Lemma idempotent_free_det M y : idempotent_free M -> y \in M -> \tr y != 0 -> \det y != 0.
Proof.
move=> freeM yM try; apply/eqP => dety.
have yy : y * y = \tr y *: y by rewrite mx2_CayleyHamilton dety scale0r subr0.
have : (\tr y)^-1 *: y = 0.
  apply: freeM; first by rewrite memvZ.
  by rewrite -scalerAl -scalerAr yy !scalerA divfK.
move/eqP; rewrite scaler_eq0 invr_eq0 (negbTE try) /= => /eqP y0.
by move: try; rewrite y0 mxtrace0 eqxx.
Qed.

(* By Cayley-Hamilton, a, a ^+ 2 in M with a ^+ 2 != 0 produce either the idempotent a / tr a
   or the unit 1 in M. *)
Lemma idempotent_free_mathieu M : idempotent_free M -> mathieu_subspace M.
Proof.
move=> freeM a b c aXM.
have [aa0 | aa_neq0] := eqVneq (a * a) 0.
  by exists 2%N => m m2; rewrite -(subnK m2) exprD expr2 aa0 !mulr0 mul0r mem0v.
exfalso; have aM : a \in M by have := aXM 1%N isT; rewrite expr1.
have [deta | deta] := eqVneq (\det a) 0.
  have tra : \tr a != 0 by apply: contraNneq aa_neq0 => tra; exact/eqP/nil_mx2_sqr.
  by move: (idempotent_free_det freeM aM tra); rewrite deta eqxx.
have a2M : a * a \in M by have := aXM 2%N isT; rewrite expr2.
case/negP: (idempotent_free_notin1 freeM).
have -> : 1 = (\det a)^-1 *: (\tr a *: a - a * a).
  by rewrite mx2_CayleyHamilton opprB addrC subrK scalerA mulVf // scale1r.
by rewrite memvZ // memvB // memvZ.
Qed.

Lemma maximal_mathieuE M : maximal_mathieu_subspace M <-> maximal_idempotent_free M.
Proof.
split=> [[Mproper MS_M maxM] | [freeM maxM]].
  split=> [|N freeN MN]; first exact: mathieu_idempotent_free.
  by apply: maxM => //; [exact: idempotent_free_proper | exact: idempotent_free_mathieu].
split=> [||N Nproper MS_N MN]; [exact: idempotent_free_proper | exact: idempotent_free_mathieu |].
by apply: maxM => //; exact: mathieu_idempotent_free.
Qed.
● ● ●
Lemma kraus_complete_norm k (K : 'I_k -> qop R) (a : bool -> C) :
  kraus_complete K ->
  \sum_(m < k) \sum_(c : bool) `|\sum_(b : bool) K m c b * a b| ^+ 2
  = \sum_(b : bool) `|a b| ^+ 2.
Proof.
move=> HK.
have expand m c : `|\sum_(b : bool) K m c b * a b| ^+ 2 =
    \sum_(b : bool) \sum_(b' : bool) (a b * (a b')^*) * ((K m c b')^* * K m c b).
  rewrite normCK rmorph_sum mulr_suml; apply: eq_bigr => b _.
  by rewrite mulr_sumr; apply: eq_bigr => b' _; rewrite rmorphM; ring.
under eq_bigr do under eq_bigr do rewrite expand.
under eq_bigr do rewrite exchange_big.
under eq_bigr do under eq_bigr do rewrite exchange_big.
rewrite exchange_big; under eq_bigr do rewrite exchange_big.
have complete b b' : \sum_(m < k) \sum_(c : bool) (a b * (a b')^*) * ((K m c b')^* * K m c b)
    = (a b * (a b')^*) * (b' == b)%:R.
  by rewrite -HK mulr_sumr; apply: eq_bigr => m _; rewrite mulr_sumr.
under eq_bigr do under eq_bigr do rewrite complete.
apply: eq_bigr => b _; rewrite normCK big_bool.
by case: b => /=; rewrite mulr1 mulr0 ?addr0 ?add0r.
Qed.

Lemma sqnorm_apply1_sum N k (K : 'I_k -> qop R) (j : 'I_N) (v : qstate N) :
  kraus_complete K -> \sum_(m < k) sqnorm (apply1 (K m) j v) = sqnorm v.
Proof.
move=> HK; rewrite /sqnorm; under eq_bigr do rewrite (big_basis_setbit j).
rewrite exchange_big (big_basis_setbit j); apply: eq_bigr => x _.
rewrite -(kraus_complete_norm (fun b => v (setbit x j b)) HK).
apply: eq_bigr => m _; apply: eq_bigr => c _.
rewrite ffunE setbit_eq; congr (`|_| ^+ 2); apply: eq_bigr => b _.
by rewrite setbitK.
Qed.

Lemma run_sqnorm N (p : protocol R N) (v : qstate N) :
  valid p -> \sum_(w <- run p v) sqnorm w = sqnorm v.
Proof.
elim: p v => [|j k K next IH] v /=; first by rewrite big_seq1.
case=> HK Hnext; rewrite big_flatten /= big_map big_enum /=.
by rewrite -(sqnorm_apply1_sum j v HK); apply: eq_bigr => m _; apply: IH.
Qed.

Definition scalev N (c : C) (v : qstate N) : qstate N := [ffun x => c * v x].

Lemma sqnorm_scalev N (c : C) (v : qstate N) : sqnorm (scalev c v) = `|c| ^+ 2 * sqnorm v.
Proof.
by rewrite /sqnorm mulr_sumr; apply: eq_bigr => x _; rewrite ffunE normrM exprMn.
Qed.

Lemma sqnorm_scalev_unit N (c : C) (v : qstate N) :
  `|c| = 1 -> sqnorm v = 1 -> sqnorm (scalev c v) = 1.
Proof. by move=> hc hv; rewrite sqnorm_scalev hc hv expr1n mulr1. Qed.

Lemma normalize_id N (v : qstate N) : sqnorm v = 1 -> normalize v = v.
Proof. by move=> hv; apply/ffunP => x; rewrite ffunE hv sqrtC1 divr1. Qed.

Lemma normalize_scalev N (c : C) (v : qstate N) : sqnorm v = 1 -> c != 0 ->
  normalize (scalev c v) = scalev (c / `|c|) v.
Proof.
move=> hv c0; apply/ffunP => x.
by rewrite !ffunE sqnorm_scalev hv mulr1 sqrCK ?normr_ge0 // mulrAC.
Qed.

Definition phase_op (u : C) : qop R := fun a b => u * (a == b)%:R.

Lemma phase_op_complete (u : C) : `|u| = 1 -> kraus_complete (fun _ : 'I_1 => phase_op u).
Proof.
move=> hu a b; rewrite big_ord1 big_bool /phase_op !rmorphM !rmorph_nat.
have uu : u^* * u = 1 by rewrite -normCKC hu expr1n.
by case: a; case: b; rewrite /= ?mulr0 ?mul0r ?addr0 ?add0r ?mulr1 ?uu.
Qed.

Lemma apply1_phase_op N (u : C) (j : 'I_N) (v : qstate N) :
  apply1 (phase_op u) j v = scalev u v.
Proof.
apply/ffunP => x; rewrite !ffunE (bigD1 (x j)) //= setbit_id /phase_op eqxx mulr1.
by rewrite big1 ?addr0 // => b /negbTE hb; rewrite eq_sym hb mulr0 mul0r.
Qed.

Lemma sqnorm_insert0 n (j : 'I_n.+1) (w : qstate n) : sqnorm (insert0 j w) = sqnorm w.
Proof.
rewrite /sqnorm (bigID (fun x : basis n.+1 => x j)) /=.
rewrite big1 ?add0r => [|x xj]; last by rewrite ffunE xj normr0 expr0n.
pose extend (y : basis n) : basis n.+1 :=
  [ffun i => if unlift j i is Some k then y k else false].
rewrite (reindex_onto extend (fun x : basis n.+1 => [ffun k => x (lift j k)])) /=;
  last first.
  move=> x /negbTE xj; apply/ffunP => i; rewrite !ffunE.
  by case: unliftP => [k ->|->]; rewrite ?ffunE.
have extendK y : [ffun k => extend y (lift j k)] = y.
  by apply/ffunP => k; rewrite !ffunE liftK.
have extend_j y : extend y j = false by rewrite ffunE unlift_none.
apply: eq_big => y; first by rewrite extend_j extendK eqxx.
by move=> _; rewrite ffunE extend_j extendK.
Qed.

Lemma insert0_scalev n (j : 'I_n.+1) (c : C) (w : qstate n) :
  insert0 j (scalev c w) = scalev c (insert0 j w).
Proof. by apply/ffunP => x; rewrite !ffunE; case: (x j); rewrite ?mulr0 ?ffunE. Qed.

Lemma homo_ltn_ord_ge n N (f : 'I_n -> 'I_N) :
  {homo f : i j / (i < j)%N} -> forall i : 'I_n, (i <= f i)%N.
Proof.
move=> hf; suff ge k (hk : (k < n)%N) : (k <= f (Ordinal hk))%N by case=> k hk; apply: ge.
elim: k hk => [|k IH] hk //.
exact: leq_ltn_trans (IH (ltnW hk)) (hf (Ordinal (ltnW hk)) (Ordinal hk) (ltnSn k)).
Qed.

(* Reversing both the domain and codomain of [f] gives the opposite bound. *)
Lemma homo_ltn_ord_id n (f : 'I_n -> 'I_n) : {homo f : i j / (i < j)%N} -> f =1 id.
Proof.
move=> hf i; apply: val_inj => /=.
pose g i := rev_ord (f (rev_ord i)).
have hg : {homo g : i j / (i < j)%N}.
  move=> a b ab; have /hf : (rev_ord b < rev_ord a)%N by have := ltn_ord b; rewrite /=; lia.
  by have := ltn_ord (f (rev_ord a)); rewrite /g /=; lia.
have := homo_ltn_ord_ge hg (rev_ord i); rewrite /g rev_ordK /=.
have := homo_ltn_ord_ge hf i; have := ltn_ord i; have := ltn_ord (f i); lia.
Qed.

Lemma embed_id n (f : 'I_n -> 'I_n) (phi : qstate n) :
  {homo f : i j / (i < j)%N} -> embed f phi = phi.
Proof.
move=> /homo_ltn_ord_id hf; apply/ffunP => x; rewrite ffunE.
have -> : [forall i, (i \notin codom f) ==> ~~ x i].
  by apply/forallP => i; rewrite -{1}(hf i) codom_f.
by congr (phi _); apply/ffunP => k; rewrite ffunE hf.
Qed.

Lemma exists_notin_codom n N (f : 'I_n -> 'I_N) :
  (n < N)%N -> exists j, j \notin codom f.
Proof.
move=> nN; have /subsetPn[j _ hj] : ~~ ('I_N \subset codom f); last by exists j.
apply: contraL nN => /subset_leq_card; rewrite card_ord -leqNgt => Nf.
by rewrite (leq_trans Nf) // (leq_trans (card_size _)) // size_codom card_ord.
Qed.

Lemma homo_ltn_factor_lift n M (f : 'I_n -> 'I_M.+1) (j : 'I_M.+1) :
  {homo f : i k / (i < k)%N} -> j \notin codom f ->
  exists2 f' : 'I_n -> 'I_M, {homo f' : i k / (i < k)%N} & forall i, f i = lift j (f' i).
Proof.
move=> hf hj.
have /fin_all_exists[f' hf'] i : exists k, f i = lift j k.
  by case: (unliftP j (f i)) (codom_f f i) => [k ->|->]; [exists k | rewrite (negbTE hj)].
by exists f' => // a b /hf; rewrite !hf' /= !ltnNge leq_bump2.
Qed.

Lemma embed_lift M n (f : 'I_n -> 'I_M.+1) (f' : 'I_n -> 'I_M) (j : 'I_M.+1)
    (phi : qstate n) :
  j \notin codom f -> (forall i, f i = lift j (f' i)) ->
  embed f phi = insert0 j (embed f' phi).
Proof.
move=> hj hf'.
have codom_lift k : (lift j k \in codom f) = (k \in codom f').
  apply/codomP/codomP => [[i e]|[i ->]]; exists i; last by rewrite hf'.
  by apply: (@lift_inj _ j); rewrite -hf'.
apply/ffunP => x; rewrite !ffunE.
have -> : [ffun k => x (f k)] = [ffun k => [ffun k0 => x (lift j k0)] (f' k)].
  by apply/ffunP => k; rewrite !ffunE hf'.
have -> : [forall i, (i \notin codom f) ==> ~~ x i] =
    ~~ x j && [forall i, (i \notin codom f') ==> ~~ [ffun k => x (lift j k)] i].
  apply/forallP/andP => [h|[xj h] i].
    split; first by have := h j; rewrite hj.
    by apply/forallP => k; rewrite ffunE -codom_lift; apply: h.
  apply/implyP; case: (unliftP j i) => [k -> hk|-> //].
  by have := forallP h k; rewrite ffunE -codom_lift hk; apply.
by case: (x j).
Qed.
● ● ●
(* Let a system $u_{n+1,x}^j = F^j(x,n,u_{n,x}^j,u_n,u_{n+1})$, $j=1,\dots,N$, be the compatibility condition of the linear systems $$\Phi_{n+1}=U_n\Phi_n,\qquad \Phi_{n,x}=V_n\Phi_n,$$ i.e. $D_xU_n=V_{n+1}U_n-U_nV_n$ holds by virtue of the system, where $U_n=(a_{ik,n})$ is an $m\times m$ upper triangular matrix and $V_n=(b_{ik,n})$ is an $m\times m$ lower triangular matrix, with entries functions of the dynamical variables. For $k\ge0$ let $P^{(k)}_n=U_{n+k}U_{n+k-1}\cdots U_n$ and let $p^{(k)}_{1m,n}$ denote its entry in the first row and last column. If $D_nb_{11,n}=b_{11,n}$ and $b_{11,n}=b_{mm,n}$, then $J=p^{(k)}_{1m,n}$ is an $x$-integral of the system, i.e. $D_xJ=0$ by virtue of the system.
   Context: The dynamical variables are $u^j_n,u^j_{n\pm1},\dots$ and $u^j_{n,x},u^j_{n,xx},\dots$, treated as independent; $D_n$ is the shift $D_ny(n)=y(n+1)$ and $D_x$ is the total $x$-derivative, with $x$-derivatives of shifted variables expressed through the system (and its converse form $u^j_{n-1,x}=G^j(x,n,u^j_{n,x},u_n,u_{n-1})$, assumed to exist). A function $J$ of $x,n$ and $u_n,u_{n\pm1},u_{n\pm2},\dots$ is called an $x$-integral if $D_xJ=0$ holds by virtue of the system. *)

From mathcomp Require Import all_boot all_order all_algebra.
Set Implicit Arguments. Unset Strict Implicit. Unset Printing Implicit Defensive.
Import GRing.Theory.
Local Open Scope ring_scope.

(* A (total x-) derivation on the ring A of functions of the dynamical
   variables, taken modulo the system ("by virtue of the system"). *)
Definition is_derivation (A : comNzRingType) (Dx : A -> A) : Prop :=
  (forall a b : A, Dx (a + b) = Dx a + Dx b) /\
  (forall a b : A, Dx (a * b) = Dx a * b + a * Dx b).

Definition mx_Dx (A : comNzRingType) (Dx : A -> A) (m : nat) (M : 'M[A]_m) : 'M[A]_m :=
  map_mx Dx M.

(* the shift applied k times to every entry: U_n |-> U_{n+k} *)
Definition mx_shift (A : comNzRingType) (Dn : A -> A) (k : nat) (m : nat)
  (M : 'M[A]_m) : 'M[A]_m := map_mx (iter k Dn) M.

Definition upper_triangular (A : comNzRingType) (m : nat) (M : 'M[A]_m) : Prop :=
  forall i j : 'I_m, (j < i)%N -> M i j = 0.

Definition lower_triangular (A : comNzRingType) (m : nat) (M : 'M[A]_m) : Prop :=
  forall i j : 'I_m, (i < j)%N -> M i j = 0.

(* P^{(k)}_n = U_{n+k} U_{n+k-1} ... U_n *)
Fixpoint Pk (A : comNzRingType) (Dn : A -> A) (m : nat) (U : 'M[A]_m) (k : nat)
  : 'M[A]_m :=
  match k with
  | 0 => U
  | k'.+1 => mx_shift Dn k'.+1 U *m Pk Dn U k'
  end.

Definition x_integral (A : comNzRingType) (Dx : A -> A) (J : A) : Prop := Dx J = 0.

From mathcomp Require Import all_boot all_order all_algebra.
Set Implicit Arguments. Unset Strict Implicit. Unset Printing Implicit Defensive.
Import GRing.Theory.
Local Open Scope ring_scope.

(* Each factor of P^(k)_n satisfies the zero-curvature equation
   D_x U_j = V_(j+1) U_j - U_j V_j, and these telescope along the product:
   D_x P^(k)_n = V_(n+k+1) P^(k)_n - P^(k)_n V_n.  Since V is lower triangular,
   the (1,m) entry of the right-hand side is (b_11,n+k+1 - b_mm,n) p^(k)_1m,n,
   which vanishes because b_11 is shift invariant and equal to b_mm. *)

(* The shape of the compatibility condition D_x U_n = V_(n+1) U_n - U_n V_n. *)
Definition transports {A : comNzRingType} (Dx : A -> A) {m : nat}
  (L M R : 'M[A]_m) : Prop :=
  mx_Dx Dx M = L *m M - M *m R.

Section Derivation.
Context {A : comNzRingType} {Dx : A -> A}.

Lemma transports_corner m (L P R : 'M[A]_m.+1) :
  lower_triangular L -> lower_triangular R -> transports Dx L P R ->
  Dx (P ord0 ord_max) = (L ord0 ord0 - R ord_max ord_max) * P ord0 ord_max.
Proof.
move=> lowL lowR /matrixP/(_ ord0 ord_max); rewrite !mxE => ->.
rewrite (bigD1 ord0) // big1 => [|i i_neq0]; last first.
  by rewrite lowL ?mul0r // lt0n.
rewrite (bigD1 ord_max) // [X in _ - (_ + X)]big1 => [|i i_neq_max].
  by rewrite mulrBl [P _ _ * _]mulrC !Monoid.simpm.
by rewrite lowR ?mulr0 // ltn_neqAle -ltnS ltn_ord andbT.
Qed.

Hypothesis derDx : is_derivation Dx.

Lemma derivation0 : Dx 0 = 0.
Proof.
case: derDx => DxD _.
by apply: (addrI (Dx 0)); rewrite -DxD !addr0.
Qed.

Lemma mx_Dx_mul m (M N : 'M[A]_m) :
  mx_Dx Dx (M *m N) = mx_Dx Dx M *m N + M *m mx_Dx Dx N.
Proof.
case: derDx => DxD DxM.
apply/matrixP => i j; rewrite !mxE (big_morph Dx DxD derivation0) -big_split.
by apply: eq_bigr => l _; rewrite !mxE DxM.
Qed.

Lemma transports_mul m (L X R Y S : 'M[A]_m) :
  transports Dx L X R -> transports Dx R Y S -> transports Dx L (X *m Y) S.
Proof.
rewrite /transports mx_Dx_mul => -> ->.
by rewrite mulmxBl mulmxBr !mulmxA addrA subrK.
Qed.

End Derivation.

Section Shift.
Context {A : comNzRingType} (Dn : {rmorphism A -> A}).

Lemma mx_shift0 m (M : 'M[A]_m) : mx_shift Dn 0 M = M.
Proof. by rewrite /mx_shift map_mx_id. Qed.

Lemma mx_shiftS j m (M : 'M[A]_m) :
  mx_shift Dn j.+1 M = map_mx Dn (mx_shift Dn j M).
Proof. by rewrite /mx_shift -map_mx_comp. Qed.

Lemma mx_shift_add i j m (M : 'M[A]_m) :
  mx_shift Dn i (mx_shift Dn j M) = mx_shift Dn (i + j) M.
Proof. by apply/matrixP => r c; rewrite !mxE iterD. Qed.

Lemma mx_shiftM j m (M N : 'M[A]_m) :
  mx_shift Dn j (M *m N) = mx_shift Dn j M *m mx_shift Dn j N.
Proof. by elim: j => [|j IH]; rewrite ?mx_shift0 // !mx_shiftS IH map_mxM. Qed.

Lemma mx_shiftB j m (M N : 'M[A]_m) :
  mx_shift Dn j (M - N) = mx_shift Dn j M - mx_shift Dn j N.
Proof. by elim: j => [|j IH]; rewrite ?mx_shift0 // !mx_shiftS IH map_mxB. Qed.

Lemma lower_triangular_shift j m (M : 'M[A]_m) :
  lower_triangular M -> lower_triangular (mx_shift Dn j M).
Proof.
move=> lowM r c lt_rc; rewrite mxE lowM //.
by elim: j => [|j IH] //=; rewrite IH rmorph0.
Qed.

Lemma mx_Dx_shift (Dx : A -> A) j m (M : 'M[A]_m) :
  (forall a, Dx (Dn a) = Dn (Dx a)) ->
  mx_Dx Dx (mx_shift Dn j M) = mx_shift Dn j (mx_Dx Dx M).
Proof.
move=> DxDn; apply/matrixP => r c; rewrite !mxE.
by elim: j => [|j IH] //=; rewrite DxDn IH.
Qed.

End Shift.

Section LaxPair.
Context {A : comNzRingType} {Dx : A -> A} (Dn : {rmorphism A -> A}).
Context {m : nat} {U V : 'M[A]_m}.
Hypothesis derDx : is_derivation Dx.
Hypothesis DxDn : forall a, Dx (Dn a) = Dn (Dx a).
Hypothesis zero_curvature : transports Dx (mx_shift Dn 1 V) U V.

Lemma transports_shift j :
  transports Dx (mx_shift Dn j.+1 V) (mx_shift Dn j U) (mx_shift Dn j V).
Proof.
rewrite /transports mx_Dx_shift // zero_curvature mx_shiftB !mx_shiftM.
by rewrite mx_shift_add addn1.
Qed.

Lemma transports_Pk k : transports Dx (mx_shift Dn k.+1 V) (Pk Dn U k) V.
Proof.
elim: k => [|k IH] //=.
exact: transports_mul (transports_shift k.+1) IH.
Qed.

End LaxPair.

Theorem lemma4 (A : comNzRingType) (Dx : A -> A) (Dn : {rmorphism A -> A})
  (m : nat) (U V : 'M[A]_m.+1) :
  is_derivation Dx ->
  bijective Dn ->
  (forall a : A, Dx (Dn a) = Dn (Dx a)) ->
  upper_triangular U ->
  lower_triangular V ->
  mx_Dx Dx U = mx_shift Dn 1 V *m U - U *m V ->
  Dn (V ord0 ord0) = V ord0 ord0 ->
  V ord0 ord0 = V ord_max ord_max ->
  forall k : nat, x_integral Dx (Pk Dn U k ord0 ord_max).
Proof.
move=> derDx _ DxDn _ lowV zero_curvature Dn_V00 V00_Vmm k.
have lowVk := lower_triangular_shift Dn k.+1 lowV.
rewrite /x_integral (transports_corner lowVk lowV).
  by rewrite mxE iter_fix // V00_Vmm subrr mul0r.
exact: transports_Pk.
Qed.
● ● ●
■ What is needed ■
Write out every line of the listing that holds the word "lowVk".

■ Written reply ■
have lowVk := lower_triangular_shift Dn k.+1 lowV.
rewrite /x_integral (transports_corner lowVk lowV).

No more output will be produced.